Billing for the service stops.
If you no longer need a dedicated service, you can delete it by using the following command:
curl --request DELETE 'https://dashscope-intl.aliyuncs.com/api/v1/deployments/qwen3-8b-ft-202511132025-0260' \
--header "Authorization: Bearer $DASHSCOPE_API_KEY" \
--header 'Content-Type: application/json' On success, the command returns the following result:
{
"request_id": "8f726017-6042-420e-a465-0d366a3aba59",
"output":
{
"deployed_model": "qwen3-8b-ft-202511132025-0260",
"gmt_create": "2025-11-20T20:32:08",
"gmt_modified": "2025-11-27T16:35:31.591",
"status": "DELETING",
"model_name": "qwen3-8b-ft-202511132025-0260",
"base_model": "qwen3-8b",
"base_capacity": 2,
"capacity": 2,
"ready_capacity": 2,
"workspace_id": "llm-8v53etv3hwb8orx1",
"charge_type": "post_paid",
"creator": "1654290265984853",
"modifier": "1654290265984853",
"plan": "mu",
"model_unit_spec": "MU1"
}
}
After deleting the service, you can no longer query its status using the method described in 2. Query service status.
API reference
For details on the API calls, see API details.
FAQ
Permission errors during deployment
When deploying a model by using an API, ensure the following:
The API Key's Workspace must have permission to manage the model. Go to the Business Space Management page in Model Studio and check the model deployment permission settings for the corresponding workspace.
API call error:
Workspace xxx does not have deployment privilege for model xxxx.In the Actions column for the corresponding workspace, click Model Permission and Flow Control Settings.

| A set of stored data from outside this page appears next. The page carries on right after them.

Lemma compact_finite_C_space (K : topologicalType) :
  compact [set: K] -> finite_C_space R K -> C_space R K.
Proof.
move=> cK fCK om hom.
have [|k [gam [hgam gcov]]] := fCK (fun n => [set A | om n A /\ A !=set0]).
  move=> n; have [covw lfw fow] := hom n; split.
  - exact: compact_locally_finite.
  - move=> x; have [A [omA Ax]] := covw x.
    by exists A; split => //; split => //; exists x.
  - by move=> A [omA _]; exact: fow.
have finU : finite_set [set A | exists2 n, (n < k)%N & gam n A].
  apply: (@sub_finite_set _ _ (\bigcup_(n in `I_k) gam n)).
    by move=> A [n nk gA]; exists n.
  by apply: bigcup_finite => // n nk; have [] := hgam n nk.
exists (fun n => [set A | (n < k)%N /\ gam n A]); split.
  move=> n; split.
  - by move=> A B [nk gA] [_ gB]; have [_ gdis _ _] := hgam n nk; exact: gdis.
  - move=> A [nk gA]; have [_ _ gfo _] := hgam n nk.
    exact/functionally_open_open/gfo.
  - move=> A [nk gA]; have [_ _ _ gref] := hgam n nk.
    by have [B [[omB _] AB]] := gref A gA; exists B.
split.
- move=> x; have [A [[n nk gA] Ax]] := gcov x.
  by exists A; split => //; exists n.
- by apply/finite_locally_finite/(sub_finite_set _ finU) => A [n []]; exists n.
- by move=> A [n [nk gA]]; have [_ _ gfo _] := hgam n nk; exact: gfo.
Qed.

End CompactCSpaces.

Section BoundedExtensions.
Variable R : realType.

Definition bounded_extendable {X S : topologicalType} (phi : X -> S) : Prop :=
  forall f : X -> R, continuous f -> bounded_real f ->
    exists g : S -> R, continuous g /\ forall x, g (phi x) = f x.

Lemma bounded_extendable_family (X S : topologicalType) (phi : X -> S)
    (I : Type) (g : I -> X -> R) :
  bounded_extendable phi -> (forall i, continuous (g i)) ->
  (forall i x, 0 <= g i x <= 1) ->
  exists G : I -> S -> R,
    (forall i, continuous (G i)) /\ forall i x, G i (phi x) = g i x.
Proof.
move=> ext cg g01; have /choice[G hG] : forall i, exists G : S -> R,
    continuous G /\ forall x, G (phi x) = g i x.
  move=> i; apply: ext (cg i) _; exists 1 => x.
  by have /andP[g0 g1] := g01 i x; rewrite ger0_norm.
by exists G; split => i; have [] := hG i.
Qed.
(* Let $a,b,c$ be three points on a circle of radius $1$ with center $o$ in the plane, such that $o$ lies in the (closed) triangle $\triangle abc$. Then the perimeter of $\triangle abc$ is at least $4$. *)

From Stdlib Require Import Reals.
Open Scope R_scope.

Definition point : Type := (R * R)%type.

Definition dist2 (p q : point) : R :=
  sqrt ((fst p - fst q) ^ 2 + (snd p - snd q) ^ 2).

Definition in_closed_triangle (p a b c : point) : Prop :=
  exists l1 l2 l3 : R,
    0 <= l1 /\ 0 <= l2 /\ 0 <= l3 /\ l1 + l2 + l3 = 1 /\
    fst p = l1 * fst a + l2 * fst b + l3 * fst c /\
    snd p = l1 * snd a + l2 * snd b + l3 * snd c.

Definition perimeter (a b c : point) : R :=
  dist2 a b + dist2 b c + dist2 c a.

From Stdlib Require Import Reals Lra Psatz.
Open Scope R_scope.

(* Put [o] at the origin, so that [a], [b], [c] become unit vectors [u], [v],
   [w] with [0] in their convex hull.  For unit vectors [|u - v| = sqrt (2 - 2 u.v)
   >= 1 - u.v], because [sqrt d >= d / 2] on [[0, 4]].  Hence the perimeter is at
   least [3 - (u.v + v.w + w.u)], and it remains to show [u.v + v.w + w.u <= -1].
   If [l1 u + l2 v + l3 w = 0] with [l3 > 0], then [l3 <= l1 + l2] by the triangle
   inequality, and taking the inner product of the relation with [u + v] gives
   [l3 (u.v + v.w + w.u + 1) = (1 + u.v) (l3 - l1 - l2) <= 0]. *)

Definition dot (u v : point) : R := fst u * fst v + snd u * snd v.

Definition vsub (p q : point) : point := (fst p - fst q, snd p - snd q).

Lemma vsub_diag (p : point) : vsub p p = (0, 0).
Proof. unfold vsub; f_equal; ring. Qed.

Lemma dist2_vsub (o p q : point) : dist2 (vsub p o) (vsub q o) = dist2 p q.
Proof. unfold dist2, vsub; cbn [fst snd]; f_equal; ring. Qed.

Lemma dot_vsub_self (o a : point) : dot (vsub a o) (vsub a o) = dist2 o a ^ 2.
Proof.
  unfold dist2, dot, vsub; cbn [fst snd].
  rewrite pow2_sqrt by (apply Rplus_le_le_0_compat; apply pow2_ge_0).
  ring.
Qed.

Lemma in_closed_triangle_vsub (o p a b c : point) :
  in_closed_triangle p a b c ->
  in_closed_triangle (vsub p o) (vsub a o) (vsub b o) (vsub c o).
Proof.
  intros (l1 & l2 & l3 & H1 & H2 & H3 & Hsum & Hx & Hy).
  exists l1, l2, l3; unfold vsub; simpl.
  repeat split; trivial; [rewrite Hx | rewrite Hy];
    replace l1 with (1 - l2 - l3) by lra; ring.
Qed.

Lemma dot_unit_bounds (u v : point) :
  dot u u = 1 -> dot v v = 1 -> -1 <= dot u v <= 1.
Proof.
  unfold dot; intros Hu Hv.
  pose proof (pow2_ge_0 (fst u + fst v)); pose proof (pow2_ge_0 (snd u + snd v)).
  pose proof (pow2_ge_0 (fst u - fst v)); pose proof (pow2_ge_0 (snd u - snd v)).
  split; nra.
Qed.

Lemma sqrt_ge_half (d : R) : 0 <= d -> d <= 4 -> d / 2 <= sqrt d.
Proof.
  intros Hd0 Hd4.
  assert (Hle2 : sqrt d <= 2).
  { rewrite <- (sqrt_square 2) by lra. apply sqrt_le_1_alt. lra. }
  pose proof (sqrt_sqrt d Hd0).
  pose proof (sqrt_pos d).
  nra.
Qed.

Lemma chord_ge_1_sub_dot (u v : point) :
  dot u u = 1 -> dot v v = 1 -> 1 - dot u v <= dist2 u v.
Proof.
  intros Hu Hv.
  pose proof (dot_unit_bounds u v Hu Hv).
  assert (Hchord : dist2 u v = sqrt (2 - 2 * dot u v)).
  { unfold dist2; f_equal. unfold dot in *. nra. }
  rewrite Hchord.
  replace (1 - dot u v) with ((2 - 2 * dot u v) / 2) by field.
  apply sqrt_ge_half; lra.
Qed.

Lemma weight_le_sum_weights (u v w : point) (l1 l2 l3 : R) :
  dot u u = 1 -> dot v v = 1 -> dot w w = 1 ->
  0 <= l1 -> 0 <= l2 -> 0 <= l3 ->
  l1 * fst u + l2 * fst v + l3 * fst w = 0 ->
  l1 * snd u + l2 * snd v + l3 * snd w = 0 ->
  l3 <= l1 + l2.
Proof.
  intros Hu Hv Hw H1 H2 H3 Ex Ey.
  pose proof (dot_unit_bounds u v Hu Hv).
  assert (Hsq : l3 ^ 2 = l1 ^ 2 + l2 ^ 2 + 2 * l1 * l2 * dot u v).
  { transitivity ((l3 * fst w) ^ 2 + (l3 * snd w) ^ 2).
    { transitivity (l3 ^ 2 * dot w w); [rewrite Hw; ring | unfold dot; ring]. }
    replace (l3 * fst w) with (- (l1 * fst u + l2 * fst v)) by lra.
    replace (l3 * snd w) with (- (l1 * snd u + l2 * snd v)) by lra.
    transitivity (l1 ^ 2 * dot u u + l2 ^ 2 * dot v v + 2 * l1 * l2 * dot u v);
      [unfold dot; ring | rewrite Hu, Hv; ring]. }
  assert (0 <= l1 * l2 * (1 - dot u v)) by (apply Rmult_le_pos; [apply Rmult_le_pos |]; lra).
  assert (l3 ^ 2 <= (l1 + l2) ^ 2) by lra.
  nra.
Qed.

Lemma dot_sum_le_neg1_of_pos_weight (u v w : point) (l1 l2 l3 : R) :
  dot u u = 1 -> dot v v = 1 -> dot w w = 1 ->
  0 <= l1 -> 0 <= l2 -> 0 < l3 ->
  l1 * fst u + l2 * fst v + l3 * fst w = 0 ->
  l1 * snd u + l2 * snd v + l3 * snd w = 0 ->
  dot u v + dot v w + dot w u <= -1.
Proof.
  intros Hu Hv Hw H1 H2 H3 Ex Ey.
  pose proof (dot_unit_bounds u v Hu Hv).
  pose proof (weight_le_sum_weights u v w l1 l2 l3 Hu Hv Hw H1 H2 (Rlt_le _ _ H3) Ex Ey).
  assert (Hid : l3 * (dot u v + dot v w + dot w u + 1)
                = (1 + dot u v) * (l3 - l1 - l2)
                  + (fst u + fst v) * (l1 * fst u + l2 * fst v + l3 * fst w)
                  + (snd u + snd v) * (l1 * snd u + l2 * snd v + l3 * snd w)
                  + l1 * (1 - dot u u) + l2 * (1 - dot v v))
    by (unfold dot; ring).
  rewrite Ex, Ey, Hu, Hv in Hid.
  nra.
Qed.

Lemma dot_sum_le_neg1 (u v w : point) :
  dot u u = 1 -> dot v v = 1 -> dot w w = 1 ->
  in_closed_triangle (0, 0) u v w ->
  dot u v + dot v w + dot w u <= -1.
Proof.
  intros Hu Hv Hw (l1 & l2 & l3 & H1 & H2 & H3 & Hsum & Ex & Ey); simpl in Ex, Ey.
  destruct (Rlt_or_le 0 l3) as [Hl3 | Hl3];
    [| destruct (Rlt_or_le 0 l2) as [Hl2 | Hl2]].
  - apply (dot_sum_le_neg1_of_pos_weight u v w l1 l2 l3); lra.
  - enough (dot w u + dot u v + dot v w <= -1) by lra.
    apply (dot_sum_le_neg1_of_pos_weight w u v l3 l1 l2); lra.
  - enough (dot v w + dot w u + dot u v <= -1) by lra.
    apply (dot_sum_le_neg1_of_pos_weight v w u l2 l3 l1); lra.
Qed.

Theorem lemma1 (o a b c : point) :
  dist2 o a = 1 -> dist2 o b = 1 -> dist2 o c = 1 ->
  in_closed_triangle o a b c ->
  4 <= perimeter a b c.
Proof.
  intros Ha Hb Hc Hin.
  assert (Hu : dot (vsub a o) (vsub a o) = 1) by (rewrite dot_vsub_self, Ha; ring).
  assert (Hv : dot (vsub b o) (vsub b o) = 1) by (rewrite dot_vsub_self, Hb; ring).
  assert (Hw : dot (vsub c o) (vsub c o) = 1) by (rewrite dot_vsub_self, Hc; ring).
  assert (Hsum := in_closed_triangle_vsub o _ _ _ _ Hin).
  rewrite vsub_diag in Hsum.
  apply (dot_sum_le_neg1 _ _ _ Hu Hv Hw) in Hsum.
  unfold perimeter; rewrite <- (dist2_vsub o a b), <- (dist2_vsub o b c), <- (dist2_vsub o c a).
  pose proof (chord_ge_1_sub_dot _ _ Hu Hv).
  pose proof (chord_ge_1_sub_dot _ _ Hv Hw).
  pose proof (chord_ge_1_sub_dot _ _ Hw Hu).
  lra.
Qed.
(* Let $z\in\mathbb{R}^n$ satisfy $\dim\big(\Diamond_n\cap(z+\Diamond_n)\big)=n$. Then there exists $\epsilon>0$ such that $\mathcal{N}\big(\Diamond_n\cap(\lambda z+\Diamond_n)\big)=\mathcal{N}\big(\Diamond_n\cap(z+\Diamond_n)\big)$ for all $\lambda\in(1-\epsilon,1+\epsilon)$.
   Context: $\Diamond_n=\operatorname{conv}(\pm e_1,\ldots,\pm e_n)\subset\mathbb{R}^n$. For an $n$-dimensional polytope $P\subset\mathbb{R}^n$, its normal fan $\mathcal{N}(P)$ is the fan whose maximal cones are $(\mathbb{R}_+(P-v))^{\circ}$ for $v$ ranging over the vertices of $P$, where $\mathbb{R}_+X$ is the set of nonnegative linear combinations of elements of $X$ and $C^{\circ}=\{x:x\cdot y\ge0\text{ for all }y\in C\}$. *)

From mathcomp Require Import all_boot all_order all_algebra.
From mathcomp Require Import boolp classical_sets reals.
Set Implicit Arguments. Unset Strict Implicit. Unset Printing Implicit Defensive.
Import Order.TTheory GRing.Theory Num.Theory.
Local Open Scope ring_scope.
Local Open Scope classical_set_scope.

Section Polytopes.
Variables (R : realType) (n : nat).
Notation vec := 'rV[R]_n.

Definition dotv (x y : vec) : R := \sum_(i < n) x ord0 i * y ord0 i.

Definition conv_hull (X : set vec) : set vec :=
  [set x | exists (k : nat) (lam : 'I_k -> R) (p : 'I_k -> vec),
     (forall i, 0 <= lam i) /\ \sum_(i < k) lam i = 1 /\
     (forall i, X (p i)) /\ x = \sum_(i < k) lam i *: p i].

Definition cone_hull (X : set vec) : set vec :=
  [set x | exists (k : nat) (lam : 'I_k -> R) (p : 'I_k -> vec),
     (forall i, 0 <= lam i) /\
     (forall i, X (p i)) /\ x = \sum_(i < k) lam i *: p i].

Definition dual_cone (C : set vec) : set vec :=
  [set x | forall y, C y -> 0 <= dotv x y].

Definition cross_polytope : set vec :=
  conv_hull [set x | exists i : 'I_n,
                       x = delta_mx ord0 i \/ x = - delta_mx ord0 i].

Definition translate (z : vec) (X : set vec) : set vec :=
  [set y | exists2 x, X x & y = z + x].

Definition aff_indep (k : nat) (p : 'I_k.+1 -> vec) : bool :=
  row_free (\matrix_(i < k) (p (lift ord0 i) - p ord0)).

Definition aff_dim_eq (S : set vec) (d : nat) : Prop :=
  (exists p : 'I_d.+1 -> vec, (forall i, S (p i)) /\ aff_indep p) /\
  ~ (exists p : 'I_d.+2 -> vec, (forall i, S (p i)) /\ aff_indep p).

Definition is_vertex (P : set vec) (v : vec) : Prop :=
  P v /\ exists c : vec, forall x, P x -> x <> v -> dotv c v < dotv c x.

Definition cone_face (C F : set vec) : Prop :=
  exists a : vec, (forall y, C y -> 0 <= dotv a y) /\
                  F = C `&` [set y | dotv a y = 0].

Definition normal_fan (P : set vec) : set (set vec) :=
  [set F | exists v, is_vertex P v /\
     cone_face (dual_cone (cone_hull [set y | exists2 x, P x & y = x - v])) F].

End Polytopes.

From mathcomp Require Import all_boot all_order all_algebra.
From mathcomp Require Import boolp classical_sets reals.
From mathcomp Require Import ring lra.
Set Implicit Arguments. Unset Strict Implicit. Unset Printing Implicit Defensive.
Import Order.TTheory GRing.Theory Num.Theory.
Local Open Scope ring_scope.
Local Open Scope classical_set_scope.

(* For n > 0 the intersection is the lens [{x : |x|_1 <= 1, |x - z|_1 <= 1}], and full
   dimensionality forces [|z|_1 < 2].  The normal cone at a vertex v of the lens for [mu z] is
   determined by its pattern: which of the two constraints are tight, and the sign vectors of v
   and [v - mu z] on the tight ones.  For [mu'] close to [mu] every vertex has a twin vertex with
   the same pattern in the lens for [mu' z]: if only [|v|_1 = 1] is tight, v is a signed unit
   vector and stays put; if only [|v - mu z|_1 = 1] is tight, [v - mu z] is a signed unit vector
   and v moves with [mu z]; if both are tight, v is rescaled towards the signed unit vector of a
   coordinate where v and [v - mu z] have the same sign and are bounded away from 0, which
   exists quantitatively because [|z|_1 < 2].  Hence the two normal fans coincide. *)

Section L1Norm.
Variables (R : realType) (n : nat).
Notation vec := 'rV[R]_n.
Notation e j := (delta_mx ord0 j : vec).

Definition l1norm (x : vec) : R := \sum_(i < n) `|x ord0 i|.

Lemma dotvDr (c x y : vec) : dotv c (x + y) = dotv c x + dotv c y.
Proof. by rewrite /dotv -big_split /=; apply: eq_bigr => i _; rewrite mxE mulrDr. Qed.

Lemma dotvZr (c x : vec) (a : R) : dotv c (a *: x) = a * dotv c x.
Proof. by rewrite /dotv mulr_sumr; apply: eq_bigr => i _; rewrite mxE mulrCA. Qed.

Lemma dotvNr (c x : vec) : dotv c (- x) = - dotv c x.
Proof. by rewrite -scaleN1r dotvZr mulN1r. Qed.

Lemma dotvBr (c x y : vec) : dotv c (x - y) = dotv c x - dotv c y.
Proof. by rewrite dotvDr dotvNr. Qed.

Lemma dotv_sumr (c : vec) k (F : 'I_k -> vec) :
  dotv c (\sum_(i < k) F i) = \sum_(i < k) dotv c (F i).
Proof.
apply: (big_morph _ (dotvDr c)).
by rewrite /dotv big1 // => i _; rewrite mxE mulr0.
Qed.

Lemma delta_entry (j i : 'I_n) : e j ord0 i = (i == j)%:R.
Proof. by rewrite mxE eqxx /= eq_sym. Qed.

Lemma dotv_delta (c : vec) j : dotv c (e j) = c ord0 j.
Proof.
rewrite /dotv (bigD1 j) //= big1 ?addr0; first by rewrite delta_entry eqxx mulr1.
by move=> i /negbTE h; rewrite delta_entry h mulr0.
Qed.

Lemma delta_neq0 j : e j != 0.
Proof.
apply/negP => /eqP /matrixP /(_ ord0 j); rewrite delta_entry eqxx mxE => /eqP.
by rewrite oner_eq0.
Qed.

Lemma l1norm_ge0 (x : vec) : 0 <= l1norm x.
Proof. exact: sumr_ge0. Qed.

Lemma l1norm_bigD1 (x : vec) j :
  l1norm x = `|x ord0 j| + \sum_(i < n | i != j) `|x ord0 i|.
Proof. by rewrite /l1norm (bigD1 j). Qed.

Lemma ler_norm_l1norm (x : vec) j : `|x ord0 j| <= l1norm x.
Proof. by rewrite (l1norm_bigD1 x j) lerDl; apply: sumr_ge0. Qed.

Lemma l1normD (x y : vec) : l1norm (x + y) <= l1norm x + l1norm y.
Proof.
rewrite /l1norm -big_split /=; apply: ler_sum => i _; rewrite mxE; exact: ler_normD.
Qed.

Lemma l1normZ (a : R) (x : vec) : l1norm (a *: x) = `|a| * l1norm x.
Proof. by rewrite /l1norm mulr_sumr; apply: eq_bigr => i _; rewrite mxE normrM. Qed.

Lemma l1normN (x : vec) : l1norm (- x) = l1norm x.
Proof. by rewrite -scaleN1r l1normZ normrN normr1 mul1r. Qed.

Lemma l1norm_delta j : l1norm (e j) = 1.
Proof.
rewrite (l1norm_bigD1 _ j) big1 ?addr0; first by rewrite delta_entry eqxx normr1.
by move=> i /negbTE hij; rewrite delta_entry hij normr0.
Qed.

Lemma l1norm_sum_le k (lam : 'I_k -> R) (p : 'I_k -> vec) :
  (forall i, 0 <= lam i) ->
  l1norm (\sum_(i < k) lam i *: p i) <= \sum_(i < k) lam i * l1norm (p i).
Proof.
move=> lam_ge0; elim/big_ind2: _ => //.
- by rewrite /l1norm big1 // => i _; rewrite mxE normr0.
- by move=> x1 x2 y1 y2 h1 h2; apply: le_trans (l1normD _ _) _; exact: lerD.
- by move=> i _; rewrite l1normZ ger0_norm.
Qed.

Lemma cross_polytope_sub_l1ball : @cross_polytope R n `<=` [set x | l1norm x <= 1].
Proof.
move=> _ [k [lam [p [lam_ge0 [lam_sum1 [hp ->]]]]]] /=.
apply: le_trans (l1norm_sum_le p lam_ge0) _; rewrite -lam_sum1.
by apply: ler_sum => i _; have [j [->|->]] := hp i; rewrite ?l1normN l1norm_delta mulr1.
Qed.
End L1Norm.

Section CrossPolytope.
Variables (R : realType) (n : nat).
Notation vec := 'rV[R]_n.
Notation e j := (delta_mx ord0 j : vec).

Lemma split_lshift m k (i : 'I_m) : split (lshift k i) = inl i.
Proof. exact: (unsplitK (inl i)). Qed.

Lemma split_rshift m k (i : 'I_k) : split (rshift m i) = inr i.
Proof. exact: (unsplitK (inr i)). Qed.
(* Let $\Gamma$ be a connected signed graph on $N$ vertices with signed Laplacian $\mathcal{L}$, and let $P$ be the orthogonal projection of $\mathbb{R}^N$ onto $S_{\rm fixed}$. Then the operator $P\mathcal{L}$, considered as an operator from $S_{\rm fixed}$ to $S_{\rm fixed}$, has exactly $c(\Gamma_-)-1$ negative eigenvalues, exactly one zero eigenvalue and exactly $c(\Gamma_+)-1$ positive eigenvalues, independently of the choice of edge weights (with the given signs). In particular $S_{\rm fixed}$ is a maximal subspace of fixed index, i.e. a subspace of fixed index of dimension $c(\Gamma_+)+c(\Gamma_-)-1$.
   Context: A signed graph $\Gamma$ is a finite simple undirected graph with vertex set $\{1,\dots,N\}$ in which every edge $\{i,j\}$ carries a nonzero real weight $\gamma_{ij}$, which may be of either sign ($\gamma_{ij}=0$ for non-edges). The signed Laplacian has $\mathcal{L}_{ij}=\gamma_{ij}$ for $i\ne j$ and $\mathcal{L}_{ii}=-\sum_{k\ne i}\gamma_{ik}$. $\Gamma_+$ (resp. $\Gamma_-$) is the spanning subgraph on all vertices containing exactly the positively (resp. negatively) weighted edges; $c(H)$ is the number of connected components of $H$. $S_{\rm fixed}$ is the span of the characteristic vectors (entries $1$ on the component's vertices, $0$ elsewhere) of all components of $\Gamma_+$ and all components of $\Gamma_-$. A subspace $S$ (chosen independently of the weights) is a subspace of fixed index if the operator $P_S\mathcal{L}:S\to S$ ($P_S$ the orthogonal projection onto $S$) has the same numbers of negative, zero and positive eigenvalues for every choice of weights with the given signs. *)

From Stdlib Require Import Reals.
From HB Require Import structures.
From mathcomp Require Import all_boot all_order all_algebra.
From mathcomp Require Import Rstruct.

In the Model List, find the target model and check the authorization status in the Model Deployment column. If it shows Not Authorized, click Edit in the Actions column to grant permission.
If a "permission denied" message appears, contact your organization or IT administrator to add the required permissions or perform the operation for you.
The Owner Account that owns the API Key has the required permissions in the Workspace. Go to the Model Studio console, click the workspace in the lower-left corner, switch to the correct workspace, and then click
to check the model deployment permission settings.API call error:
Workspace access denied.In the left-side navigation pane, click Permission Management and confirm that the user list includes the API Key's owner account (with type primary account).
If a "permission denied" message appears, contact your organization or IT administrator to add the required permissions or perform the operation for you.